Ни один памятник, как литературный, так и фигуративный, на протяжении всего средневекового тысячелетия не копировался полностью. Это хорошо видно на многочисленных примерах репродукции иерусалимского храма Гроба Господня. Его форма, совмещавшая в себе базилику и ротонду, была достаточно специфической и, следовательно, воспроизводимой и узнаваемой. Однако это далеко не всегда было возможно, потому что Иерусалим был во всех отношениях далек от христианского Запада. Воспроизведение реальных форм могло заменить уже простое заимствование посвящения: самого имени Гроба Господня было достаточно для того, чтобы «типически» и «фигурально» даже скромная молельня воспринималась как напоминание о далекой святыне. Не случайно, что такие «иерусалимы» часто возникали при кладбищах: «фигурально» они должны были напоминать верующим, пришедшим сюда для поминальной молитвы, о грядущем воскресении. Такая функция памяти храмов, не только посвященных Гробу Господню, очень важна для понимания священной топографии всего западнохристианского мира, пересеченного по всем направлениям путями паломников.

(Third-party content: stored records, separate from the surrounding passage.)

(* Let $f=p/q$ be a rational function with $p,q$ of degree $l$, positive on the standard simplex $\Delta$, with $b_\alpha(q,j,\Delta)>0$ for all $|\alpha|=j$, $j\ge l$. Then there exists $k\ge l$ such that $\min_{|\alpha|=k} b_\alpha(f,k,\Delta)>0$.
   Context: $\Delta$ is the standard simplex in $\mathbb{R}^n$ with barycentric coordinates $\lambda=(1-\sum x_i,x_1,\dots,x_n)$; $B^{(k)}_\alpha=\frac{k!}{\alpha_0!\cdots\alpha_n!}\lambda^\alpha$ ($\alpha\in\mathbb{N}^{n+1}$, $|\alpha|=k$) are the Bernstein polynomials of degree $k$; $b_\alpha(p,k,\Delta)$ denote the coefficients of $p$ in this basis and $b_\alpha(f,k,\Delta)=b_\alpha(p,k,\Delta)/b_\alpha(q,k,\Delta)$ are the rational Bernstein coefficients. *)

From Stdlib Require Import Reals List Arith.
Import ListNotations.
Open Scope R_scope.

Fixpoint compositions (m k : nat) : list (list nat) :=
  match m with
  | O => match k with O => [[]] | S _ => [] end
  | S m' => flat_map (fun i => map (cons i) (compositions m' (k - i)))
                     (seq 0 (S k))
  end.

Definition monomials (n l : nat) : list (list nat) :=
  flat_map (fun d => compositions n d) (seq 0 (S l)).

Definition sumR {A : Type} (s : list A) (f : A -> R) : R :=
  fold_right (fun a acc => f a + acc) 0 s.

Fixpoint prodpow (x : nat -> R) (i : nat) (beta : list nat) : R :=
  match beta with
  | [] => 1
  | b :: bs => x i ^ b * prodpow x (S i) bs
  end.

(* A polynomial in n variables x_1..x_n (stored as x 0 .. x (n-1)) of degree
   at most l is given by its coefficient function c on exponent vectors;
   only the coefficients of the monomials with |beta| <= l matter. *)
Definition peval (n l : nat) (c : list nat -> R) (x : nat -> R) : R :=
  sumR (monomials n l) (fun beta => c beta * prodpow x 0 beta).
Lemma prime_filter_LstarB (R : realType) y F :
  filter_avoiding y F -> (forall u v, F (u `|` v)%O -> F u \/ F v) ->
  is_LstarB (fun z => (`[< F z >])%:R : R).
Proof.
move=> [Fup FI _] Fprime; split=> [z|].
  by case: asbool; apply/andP; split; rewrite /= ?mulr1n ?mulr0n; lra.
split=> z w; rewrite ?natr_min_bool ?natr_max_bool -?asbool_and -?asbool_or.
  congr (nat_of_bool _)%:R; apply: asbool_equiv_eq; split=> [Fzw|[]]; last exact: FI.
  by split; apply: Fup Fzw _; [exact: leIl|exact: leIr].
congr (nat_of_bool _)%:R; apply: asbool_equiv_eq; split=> [|[] Fzw]; first exact: Fprime.
  by apply: Fup Fzw _; exact: leUl.
by apply: Fup Fzw _; exact: leUr.
Qed.

Lemma Lstar_separation (R : realType) x y : ~ (x <= y)%O ->
  exists s : Lstar L R, sval s x = 1 /\ sval s y = 0.
Proof.
move=> /prime_filter_separation[F [hF Fx Fprime]].
exists (exist _ _ (prime_filter_LstarB R hF Fprime)) => /=.
by rewrite asboolT // asboolF //; case: hF.
Qed.

End PrimeFilter.

Section RealLemmas.
Variable R : realType.
Implicit Types x y u v a b : R.

Let normr_ge x : x <= `|x| /\ - x <= `|x|.
Proof. by split; [exact: ler_norm|rewrite -normrN; exact: ler_norm]. Qed.

Lemma normr_max_le x y : `|Num.max x y| <= `|x| + `|y|.
Proof.
have [? ?] := normr_ge x; have [? ?] := normr_ge y.
by rewrite ler_norml; case: (lerP x y) => ?; apply/andP; split; lra.
Qed.

Lemma normr_maxB x y u v : `|Num.max x y - Num.max u v| <= `|x - u| + `|y - v|.
Proof.
have [? ?] := normr_ge (x - u); have [? ?] := normr_ge (y - v).
by rewrite ler_norml; case: (lerP x y) => ?; case: (lerP u v) => ?; apply/andP; split; lra.
Qed.

Lemma normr_clamp_le a b x y : a <= y <= b ->
  `|y - Num.max a (Num.min x b)| <= `|y - x|.
Proof.
move=> /andP[? ?]; have [? ?] := normr_ge (y - x).
rewrite ler_norml; case: (lerP x b) => ?; case: (lerP a x) => ?;
  try case: (lerP a b) => ?; apply/andP; split; lra.
Qed.

Lemma clamp_itv a b x : a <= b -> a <= Num.max a (Num.min x b) <= b.
Proof.
move=> ?; case: (lerP x b) => ?; case: (lerP a x) => ?;
  try case: (lerP a b) => ?; apply/andP; split; lra.
Qed.

End RealLemmas.

Section FBLNorm.
Context {d : Order.disp_t} (L : distrLatticeType d) (R : realType).
Local Notation F := (Lstar L R -> R).
Implicit Types (f g h : F) (s : Lstar L R).

Lemma Lstar_norm_le1 s x : `|sval s x| <= 1.
Proof. by case: s => f [hb _] /=; rewrite ler_norml; exact: hb. Qed.

Lemma Lstar_homo s : {homo sval s : x y / (x <= y)%O}.
Proof.
case: s => h [_ [hI _]] x y /= /meet_idPl xy.
by rewrite -xy hI ge_min lexx orbT.
Qed.

Definition Lstar0 : Lstar L R.
Proof.
exists (fun _ => 0); split; first by move=> x; rewrite lerN10 ler01.
by split=> x y; rewrite ?minxx ?maxxx.
Defined.

Lemma norm_set0 h : norm_set h 0.
Proof. by exists 0%N, (fun _ => Lstar0); split=> [x|]; rewrite big_ord0 ?ler01. Qed.

Lemma norm_set_normr h s : norm_set h `|h s|.
Proof. by exists 1%N, (fun _ => s); split=> [x|]; rewrite big_ord1 ?Lstar_norm_le1. Qed.

Lemma norm_set_ubound_dominated h h1 h2 c1 c2 M1 M2 : 0 <= c1 -> 0 <= c2 ->
  (forall s, `|h s| <= c1 * `|h1 s| + c2 * `|h2 s|) ->
  ubound (norm_set h1) M1 -> ubound (norm_set h2) M2 ->
  ubound (norm_set h) (c1 * M1 + c2 * M2).
Proof.
move=> c1p c2p hh u1 u2 _ [m [xs [Hxs ->]]].
apply: (le_trans (ler_sum _ (fun i _ => hh (xs i)))).
rewrite big_split /= -!mulr_sumr.
by apply: lerD; apply: ler_wpM2l => //; [apply: u1|apply: u2]; exists m, xs.
Qed.

Lemma fnorm_ubound h : finite_norm h -> ubound (norm_set h) (fnorm h).
Proof. by move=> hf; apply: sup_upper_bound; split=> //; exists 0; exact: norm_set0. Qed.

Lemma fnorm_le h M : ubound (norm_set h) M -> fnorm h <= M.
Proof. by move=> u; apply: ge_sup => //; exists 0; exact: norm_set0. Qed.

Lemma finite_normB f g : finite_norm f -> finite_norm g -> finite_norm (fun s => f s - g s).
Proof.
move=> /fnorm_ubound uf /fnorm_ubound ug; exists (1 * fnorm f + 1 * fnorm g).
by apply: norm_set_ubound_dominated ler01 ler01 _ uf ug => s; rewrite !mul1r ler_normB.
Qed.

Lemma normr_lt_fnormB f g s r : finite_norm f -> finite_norm g ->
  fnorm (fun s => f s - g s) < r -> `|f s - g s| < r.
Proof.
move=> ff fg; apply: le_lt_trans.
exact: fnorm_ubound (finite_normB ff fg) _ (norm_set_normr _ s).
Qed.

Lemma gen_sublattice_finite_norm g : gen_sublattice g -> finite_norm g.
Proof.
elim=> {g} [x|f g _ /fnorm_ubound uf _ /fnorm_ubound ug|c f _ /fnorm_ubound uf
           |f g _ /fnorm_ubound uf _ /fnorm_ubound ug].
- by exists 1; move=> _ [m [xs [Hxs ->]]]; exact: Hxs.
- exists (1 * fnorm f + 1 * fnorm g).
  by apply: norm_set_ubound_dominated ler01 ler01 _ uf ug => s; rewrite !mul1r ler_normD.
- exists (`|c| * fnorm f + 0 * fnorm f).
  apply: (norm_set_ubound_dominated (normr_ge0 c) (lexx 0) _ uf uf) => s.
  by rewrite mul0r addr0 normrM.
- exists (1 * fnorm f + 1 * fnorm g).
  by apply: norm_set_ubound_dominated ler01 ler01 _ uf ug => s; rewrite !mul1r normr_max_le.
Qed.

Lemma gen_sublattice_pos_homogeneous g : gen_sublattice g -> pos_homogeneous g.
Proof.
elim=> {g} [x|f g _ hf _ hg|c f _ hf|f g _ hf _ hg] xs ys lam l0 H.
- exact: H.
- by rewrite (hf _ _ _ l0 H) (hg _ _ _ l0 H) mulrDr.
- by rewrite (hf _ _ _ l0 H) mulrCA.
- by rewrite (hf _ _ _ l0 H) (hg _ _ _ l0 H) maxr_pMr.
Qed.

Lemma gen_sublattice_FBL g : gen_sublattice g -> FBL g.
Proof.
move=> gg; split; first exact: gen_sublattice_pos_homogeneous.
split=> [|eps e0]; first exact: gen_sublattice_finite_norm.
exists g; split=> //; apply: le_lt_trans e0; apply: fnorm_le => _ [m [xs [_ ->]]].
by rewrite big1 // => i _; rewrite subrr normr0.
Qed.

Lemma gen_sublattice_min f g : gen_sublattice f -> gen_sublattice g ->
  gen_sublattice (fun s => Num.min (f s) (g s)).
Proof.
move=> gf gg; have -> : (fun s => Num.min (f s) (g s)) =
    (fun s => -1 * Num.max (-1 * f s) (-1 * g s)).
  by apply: funext => s; rewrite !mulN1r -oppr_min opprK.
by apply: gs_scale; apply: gs_max; apply: gs_scale.
Qed.

End FBLNorm.

Section LowerBound.
Context {d : Order.disp_t} (L : distrLatticeType d) (R : realType).
Local Notation F := (Lstar L R -> R).

Lemma separated_family_card_le (S D : set F) (I : Type) (A : set I)
    (f : I -> F) (r : I -> R) :
  (forall h, S h -> finite_norm h) -> dense_subset S D ->
  (forall i, A i -> S (f i) /\ 0 < r i) ->
  (forall i j, A i -> A j -> i <> j -> exists s, r i + r j <= `|f i s - f j s|) ->
  A #<= D.
Proof.
move=> Sfin [DS Ddense] fS fsep.
have [g gP] : {g : I -> F & forall i, A i -> D (g i) /\ fnorm (fun s => f i s - g i s) < r i}.
  apply: (@choice _ _ (fun i h => A i -> D h /\ fnorm (fun s => f i s - h s) < r i)) => i.
  case: (pselect (A i)) => [Ai|nAi]; last by exists (f i).
  have [Sfi ri0] := fS i Ai; have [h [Dh fh]] := Ddense _ Sfi _ ri0.
  by exists h.
have close i s : A i -> `|f i s - g i s| < r i.
  move=> Ai; have [Dgi fgi] := gP i Ai.
  exact: normr_lt_fnormB (Sfin _ (fS i Ai).1) (Sfin _ (DS _ Dgi)) fgi.
apply: embeds_card_le; exists g => [i /gP[]//|i j Ai Aj gij].
apply: contrapT => ij; have [s sep] := fsep i j Ai Aj ij.
have := close i s Ai; have := close j s Aj; rewrite -gij.
have := ler_distD (g i s) (f i s) (f j s); rewrite (distrC (g i s)); lra.
Qed.

Lemma FBL_interval_finite_norm (a b : L) (f : F) : FBL_interval a b f -> finite_norm f.
Proof. by case=> -[_ []]. Qed.

Lemma delta_FBL_interval (a b x : L) : (a <= x <= b)%O -> FBL_interval a b (delta (R:=R) x).
Proof.
move=> /andP[ax xb]; split; first by apply: gen_sublattice_FBL; exact: gs_delta.
by move=> s; apply/andP; split; apply: Lstar_homo.
Qed.

Lemma segment_FBL_interval (a b : L) (t : R) : (a <= b)%O -> 0 <= t <= 1 ->
  FBL_interval a b (fun s => (1 - t) * delta a s + t * delta b s).
Proof.
move=> ab /andP[t0 t1]; split.
  by apply: gen_sublattice_FBL; apply: gs_add; apply: gs_scale; exact: gs_delta.
by move=> s; have := Lstar_homo s ab; rewrite /delta => ?; apply/andP; split; nra.
Qed.

Lemma interval_card_le_dense (a b : L) (D : set F) :
  dense_subset (FBL_interval a b) D -> [set x | (a <= x <= b)%O] #<= D.
Proof.
move=> dense; apply: (separated_family_card_le (@FBL_interval_finite_norm a b) dense
  (f := fun x => delta x) (r := fun _ => 2^-1)) => [x abx|x y _ _ xy].
  by split; [exact: delta_FBL_interval|rewrite invr_gt0 ltr0n].
have [nxy|nyx] : ~ (x <= y)%O \/ ~ (y <= x)%O.
  by apply: contrapT => /not_orP[/contrapT xy' /contrapT yx']; apply/xy/le_anti; rewrite xy' yx'.
- have [s [sx sy]] := Lstar_separation R nxy.
  by exists s; rewrite /delta sx sy subr0 normr1; lra.
- have [s [sy sx]] := Lstar_separation R nyx.
  by exists s; rewrite /delta sx sy sub0r normrN normr1; lra.
Qed.

Lemma nat_card_le_dense (a b : L) (D : set F) : (a < b)%O ->
  dense_subset (FBL_interval a b) D -> [set: nat] #<= D.
Proof.
move=> ltab dense; pose t n : R := 2^-1 ^+ n.
have t_gt0 n : 0 < t n by apply: exprn_gt0; lra.
have t_le1 n : t n <= 1 by apply: exprn_ile1; lra.
have t_halve n m : (n < m)%N -> t m <= t n / 2.
  by move=> nm; apply: le_trans (ler_wiXn2l _ _ nm) _; rewrite ?exprSr //; lra.
have [s [sb sa]] : exists s : Lstar L R, sval s b = 1 /\ sval s a = 0.
  by apply: Lstar_separation => ba; have := lt_le_trans ltab ba; rewrite ltxx.
apply: (separated_family_card_le (@FBL_interval_finite_norm a b) dense
  (f := fun n s => (1 - t n) * delta a s + t n * delta b s) (r := fun n => t n / 4)).
  move=> n _; split; last by have := t_gt0 n; lra.
  by apply: segment_FBL_interval (ltW ltab) _; rewrite ltW ?t_le1.
move=> n m _ _ nm; exists s; rewrite /delta sa sb !mulr0 !mulr1 !add0r.
have := ler_norm (t n - t m); have := ler_norm (t m - t n); rewrite distrC.
have := t_gt0 n; have := t_gt0 m.
by case: (ltngtP n m) => // /t_halve; lra.
Qed.

End LowerBound.

(* Vector lattice terms with rational scalars: there are few enough of them,
   and their values approximate the whole generated sublattice. *)
Inductive vl_term (T : Type) :=
| VDelta of T
| VAdd of vl_term T & vl_term T
| VScale of rat & vl_term T
| VMax of vl_term T & vl_term T.

Lemma vl_term_inj (T X : Type) (i : T -> X) (e : nat -> X) (p : X * X -> X) :
  injective i -> injective e -> injective p -> exists c : vl_term T -> X, injective c.
Proof.
move=> i_inj e_inj p_inj.
pose fix c t := match t with
  | VDelta x => p (e 0, i x)
  | VAdd t u => p (e 1, p (c t, c u))
  | VScale q t => p (e 2, p (e (pickle q), c t))
  | VMax t u => p (e 3, p (c t, c u))
  end.
exists c; elim=> [x|t IHt u IHu|q t IHt|t IHt u IHu] [y|t' u'|q' t'|t' u'] /=
  /p_inj[]; try by move=> /e_inj.
- by move=> /i_inj->.
- by move=> /p_inj[/IHt-> /IHu->].
- by move=> /p_inj[/e_inj/(pcan_inj pickleK)-> /IHt->].
- by move=> /p_inj[/IHt-> /IHu->].
Qed.

Lemma card_vl_term_le (T : Type) : [set: vl_term T] #<= [set: (T + nat)%type].
Proof.
have [p p_inj] := pairing_of_inj_nat (@inr_inj T nat).
have [c c_inj] := vl_term_inj (@inl_inj T nat) (@inr_inj T nat) p_inj.
by apply: embeds_card_le; exists c => // x y _ _ /c_inj.
Qed.

Lemma ratr_approx (R : realType) (c e : R) : 0 < e -> exists q : rat, `|c - ratr q| < e.
Proof.
move=> e0; have [q] := @rat_in_itvoo R (c - e) (c + e) ltac:(lra).
by rewrite in_itv /= => /andP[? ?]; exists q; rewrite ltr_norml; apply/andP; split; lra.
Qed.

Section TermApproximation.
Context {d : Order.disp_t} (L : distrLatticeType d) (R : realType).
Local Notation F := (Lstar L R -> R).

Fixpoint vl_eval (t : vl_term L) : F :=
  match t with
  | VDelta x => delta x
  | VAdd t u => fun s => vl_eval t s + vl_eval u s
  | VScale q t => fun s => ratr q * vl_eval t s
  | VMax t u => fun s => Num.max (vl_eval t s) (vl_eval u s)
  end.

Lemma vl_eval_gen_sublattice t : gen_sublattice (vl_eval t).
Proof.
elim: t => [x|t IHt u IHu|q t IHt|t IHt u IHu] /=; first exact: gs_delta.
- exact: gs_add.
- exact: gs_scale.
- exact: gs_max.
Qed.

Lemma vl_eval_approx_scale (c eps : R) (f : F) : 0 < eps -> has_ubound (norm_set f) ->
  (forall e, 0 < e -> exists t, ubound (norm_set (fun s => f s - vl_eval t s)) e) ->
  exists t, ubound (norm_set (fun s => c * f s - vl_eval t s)) eps.
Proof.
move=> e0 [B Bf] approx_f; have B0 : 0 <= B by apply: Bf; exact: norm_set0.
have K0 : 0 < eps / (2 * (B + 1)) by rewrite divr_gt0 //; lra.
have [del [del0 del1 delK]] : exists del,
    [/\ 0 < del, del <= 1 & del <= eps / (2 * (B + 1))].
  by exists (Num.min 1 (eps / (2 * (B + 1)))); rewrite lt_min ltr01 K0 !ge_min !lexx orbT.
have [q cq] := ratr_approx c del0.
have qc : `|ratr q : R| <= `|c| + 1.
  have -> : ratr q = c - (c - ratr q) :> R by ring.
  by apply: le_trans (ler_normB _ _) _; lra.
have c0 := normr_ge0 c.
have [t ft] := approx_f (eps / (2 * (`|c| + 1))) ltac:(rewrite divr_gt0 //; lra).
exists (VScale q t) => /=.
have dom s : `|c * f s - ratr q * vl_eval t s| <=
    del * `|f s| + (`|c| + 1) * `|f s - vl_eval t s|.
  have -> : c * f s - ratr q * vl_eval t s =
    (c - ratr q) * f s + ratr q * (f s - vl_eval t s) by ring.
  apply: le_trans (ler_normD _ _) _; rewrite (normrM (c - ratr q)) (normrM (ratr q)).
  by apply: lerD; apply: ler_wpM2r => //; exact: ltW.
have hub := norm_set_ubound_dominated (ltW del0) (addr_ge0 c0 ler01) dom Bf ft.
move=> r /hub /le_trans; apply.
have -> : (`|c| + 1) * (eps / (2 * (`|c| + 1))) = eps / 2.
  by field; apply: lt0r_neq0; lra.
have : del * B <= eps / (2 * (B + 1)) * (B + 1) by apply: ler_pM; lra.
have -> : eps / (2 * (B + 1)) * (B + 1) = eps / 2.
  by field; apply: lt0r_neq0; lra.
lra.
Qed.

При анализе конкретных явлений и памятников о степени традиционности и новаторства, столь важных для всеобщей истории культуры, нельзя забывать. Но судить о них следует, во-первых, учитывая меняющееся в Средние века отношение к авторитету древности в целом, во-вторых, не доверяясь беззаветно письменным свидетельствам современников, этому идолу историков. Описания памятников в хрониках и иных литературных произведениях, документы об их создании, хартии, путеводители по святым местам и другие письменные источники по истории искусства, сколь бы они ни были информативны и занимательны, нужно читать, не забывая о том, что текст по определению не равнозначен образу: они говорят на разных языках.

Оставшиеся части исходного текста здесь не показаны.